I am trying to derive the asymptotic expansion for the logarithmic integral. I found the following question very useful (logarithmic integral function and asymptotic expansion), but I am still not getting the right conclusion and so I wanted to ask this question.

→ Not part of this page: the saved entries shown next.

Lemma open_close (x : nat) (c : K) (d : dfm) : lc d -> open c 0 (close x 0 d) = repl x (DC c) d.
Proof.
move=> H; rewrite /open /close /repl dmap_comp; apply: dmap_ext.
apply: dall_impl H => j t; case: t => //= [y _|i Hi].
- by case: eqP => //= _; rewrite eqxx.
- by case: eqP => // E; subst; rewrite ltnn in Hi.
Qed.

Lemma close_repl (y x : nat) (d : dfm) : ~ dfree y d -> close y 0 (repl x (DV K y) d) = close x 0 d.
Proof.
move=> H; rewrite /close /repl dmap_comp; apply: dmap_ext.
apply: dall_impl (not_dex H) => j t; case: t => //= z Hz.
case: (z =P x) => [_|_] /=; first by rewrite eqxx.
by case: eqP => // E; subst; case: Hz.
Qed.

Lemma closet_inj (z k : nat) (t1 t2 : dterm K) :
  lc_term k t1 -> lc_term k t2 -> closet z k t1 = closet z k t2 -> t1 = t2.
Proof.
rewrite /closet /lc_term.
case: t1 => [y1|i1|c1]; case: t2 => [y2|i2|c2] //= H1 H2.
- case: (eqVneq y1 z) => [->|n1]; case: (eqVneq y2 z) => [->|n2];
    rewrite ?eqxx ?(negbTE n1) ?(negbTE n2) //; congruence.
- case: (eqVneq y1 z) => [->|n1]; rewrite ?eqxx ?(negbTE n1) // => -[E]; subst.
  by rewrite ltnn in H2.
- case: (eqVneq y1 z) => [->|n1]; rewrite ?eqxx ?(negbTE n1) //.
- case: (eqVneq y2 z) => [->|n2]; rewrite ?eqxx ?(negbTE n2) // => -[E]; subst.
  by rewrite ltnn in H1.
- case: (eqVneq y2 z) => [->|n2]; rewrite ?eqxx ?(negbTE n2) //.
Qed.

Lemma close_inj (z : nat) (d1 d2 : dfm) : lc d1 -> lc d2 -> close z 0 d1 = close z 0 d2 -> d1 = d2.
Proof.
rewrite /lc /close; move: 0 => k.
elim: d1 d2 k => [p a|e IH|e IH|e IH|e1 IH1 e2 IH2] [q b|e'|e'|e'|e1' e2'] k /= H1 H2 E;
  try discriminate E.
- injection E => Ea Ep; subst q; have Ea' := inj_pair2 _ _ _ _ _ Ea.
  f_equal; apply: functional_extensionality => i.
  apply: (closet_inj (H1 i) (H2 i)); exact: (congr1 (fun h => h i) Ea').
- case: E => E; by rewrite (IH e' k).
- case: E => E; by rewrite (IH e' k).
- case: E => E; by rewrite (IH e' k.+1).
- case: E => E1' E2'; case: H1 => H11 H12; case: H2 => H21 H22.
  rewrite (IH1 e1' k H11 H21 E1'); by rewrite (IH2 e2' k H12 H22 E2').
Qed.

Lemma db_void (x : nat) (f : fm) : ~ free x f -> db (All x f) = db f.
Proof. by move=> Hx /=; have -> : freeb x f = false by apply/negP => /freeP. Qed.

Lemma variant_db (f g : fm) : variant f g -> db f = db g.
Proof.
induction 1 as [f|f g H IH|f g h H1 IH1 H2 IH2|x f Hx|x y f Hy Hff
  |f g H IH|f g H IH|x f g H IH|f f' g g' H1 IH1 H2 IH2].
- done.
- by rewrite IH.
- by rewrite IH1 IH2.
- exact: db_void.
- case: (classic (free x f)) => Hx.
  + rewrite /= db_subst1; last by move=> z [<-].
    have -> : freeb x f by apply/freeP.
    have -> : freeb y (subst1 x (Var K y) f).
      apply/freeP; rewrite dfree_db db_subst1; last by move=> z [<-].
      apply: dfree_repl_hit; by rewrite -dfree_db.
    rewrite /= close_repl //; by rewrite -dfree_db.
  + by rewrite subst1_nofree // !db_void.
- by rewrite /= IH.
- by rewrite /= IH.
- have Hb : freeb x f = freeb x g.
    apply/idP/idP => /freeP Hf; apply/freeP; move: Hf; by rewrite !dfree_db IH.
  by rewrite /= Hb IH.
- by rewrite /= IH1 IH2.
Qed.


Fixpoint vmax (f : fm) : nat :=
  match f with
  | Atom p ts => \max_(i < ar p) (match ts i with Var y => y | Con _ => 0 end)
  | Neg g => vmax g
  | Box g => vmax g
  | All y g => maxn y (vmax g)
  | Imp g h => maxn (vmax g) (vmax h)
  end.

Lemma free_vmax (z : nat) (f : fm) : free z f -> z <= vmax f.
Proof.
elim: f => /= [p ts|g IH|g IH|y g IH|g IHg h IHh].
- case=> i Hi; have := leq_bigmax (F := fun i => match ts i with Var y => y | Con _ => 0 end) i.
  by rewrite Hi.
- exact: IH.
- exact: IH.
- case=> _ /IH H; exact: (leq_trans H (leq_maxr _ _)).
- case=> [/IHg H|/IHh H]; [exact: (leq_trans H (leq_maxl _ _))|exact: (leq_trans H (leq_maxr _ _))].
Qed.

Lemma free_for_vmax (z x : nat) (f : fm) : vmax f < z -> free_for z x f.
Proof.
elim: f => /= [p ts|g IH|g IH|y g IH|g IHg h IHh] H //.
- exact: IH.
- exact: IH.
- right; split.
  + move=> E; subst; move: H; rewrite gtn_max ltnn; done.
  + apply: IH; move: H; rewrite gtn_max; by case/andP.
- move: H; rewrite gtn_max => /andP [H1 H2]; split; [exact: IHg|exact: IHh].
Qed.

Lemma variant_rename_fresh (z x : nat) (f : fm) : vmax f < z ->
  variant (All x f) (All z (subst1 x (Var K z) f))
  /\ close z 0 (db (subst1 x (Var K z) f)) = close x 0 (db f).
Proof.
move=> Hz; have Hnf : ~ free z f by move/free_vmax; rewrite leqNgt Hz.
split; first exact: var_rename Hnf (free_for_vmax x Hz).
rewrite db_subst1 ?close_repl -?dfree_db //.
by move=> z' [<-]; apply: free_for_vmax.
Qed.

Lemma fsize_pos (f : fm) : 0 < fsize f.
Proof. by case: f. Qed.

Lemma tm_inj (t1 t2 : term K) : tm t1 = tm t2 -> t1 = t2.
Proof. by case: t1; case: t2 => //= ? ? [->]. Qed.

I am supposed to find that $Li(x) = \frac{x}{\log x} + \frac{1!x}{\log^2x}+\cdots+\frac{(k-1)!x}{\log^kx}+O\left(\frac{x}{\log^{k+1}x}\right)$, but I get extra terms that I don't know how to remove.
We have
$$ Li(x) = \int_2^x\frac{1}{\log t}dt = \int_{\log2}^{\log x}\frac{e^y}{y}dy $$
after a change of variables ($t=e^y$). But if I apply integration by parts to this, I find the desired terms, but also some undesired terms (of the form $2/\log^k2)$.
\begin{align*}
Li(x) &= \frac{e^y}{y}\Big|_{\log2}^{\log x} + \int_{\log2}^{\log x}\frac{e^y}{y^2}dy \\
&= \frac{x}{\log x}-\frac{2}{\log2} + \frac{e^y}{y^2}\Big|_{\log2}^{\log x} + \int\frac{2e^y}{y^3}dy \\
&= \frac{x}{\log x} + \frac{x}{\log^2x}-\frac{2}{\log2}-\frac{2}{\log^22} + \int\frac{2e^y}{y^3}dy.
\end{align*}
It's very clear that as I repeat this process I am going to get these unwanted terms. So can anybody explain to me how to remove these and find what we desire?
Best Answer
You do not remove the terms $-\frac2{\log^k2}$. You tuck them under the $O\left(\frac x{\log^{k+1}x}\right)$ term in the asymptotic expansion, since they are all constants.
That these terms increase in magnitude explains why the expansion is only asymptotic – it does not converge as more terms are taken.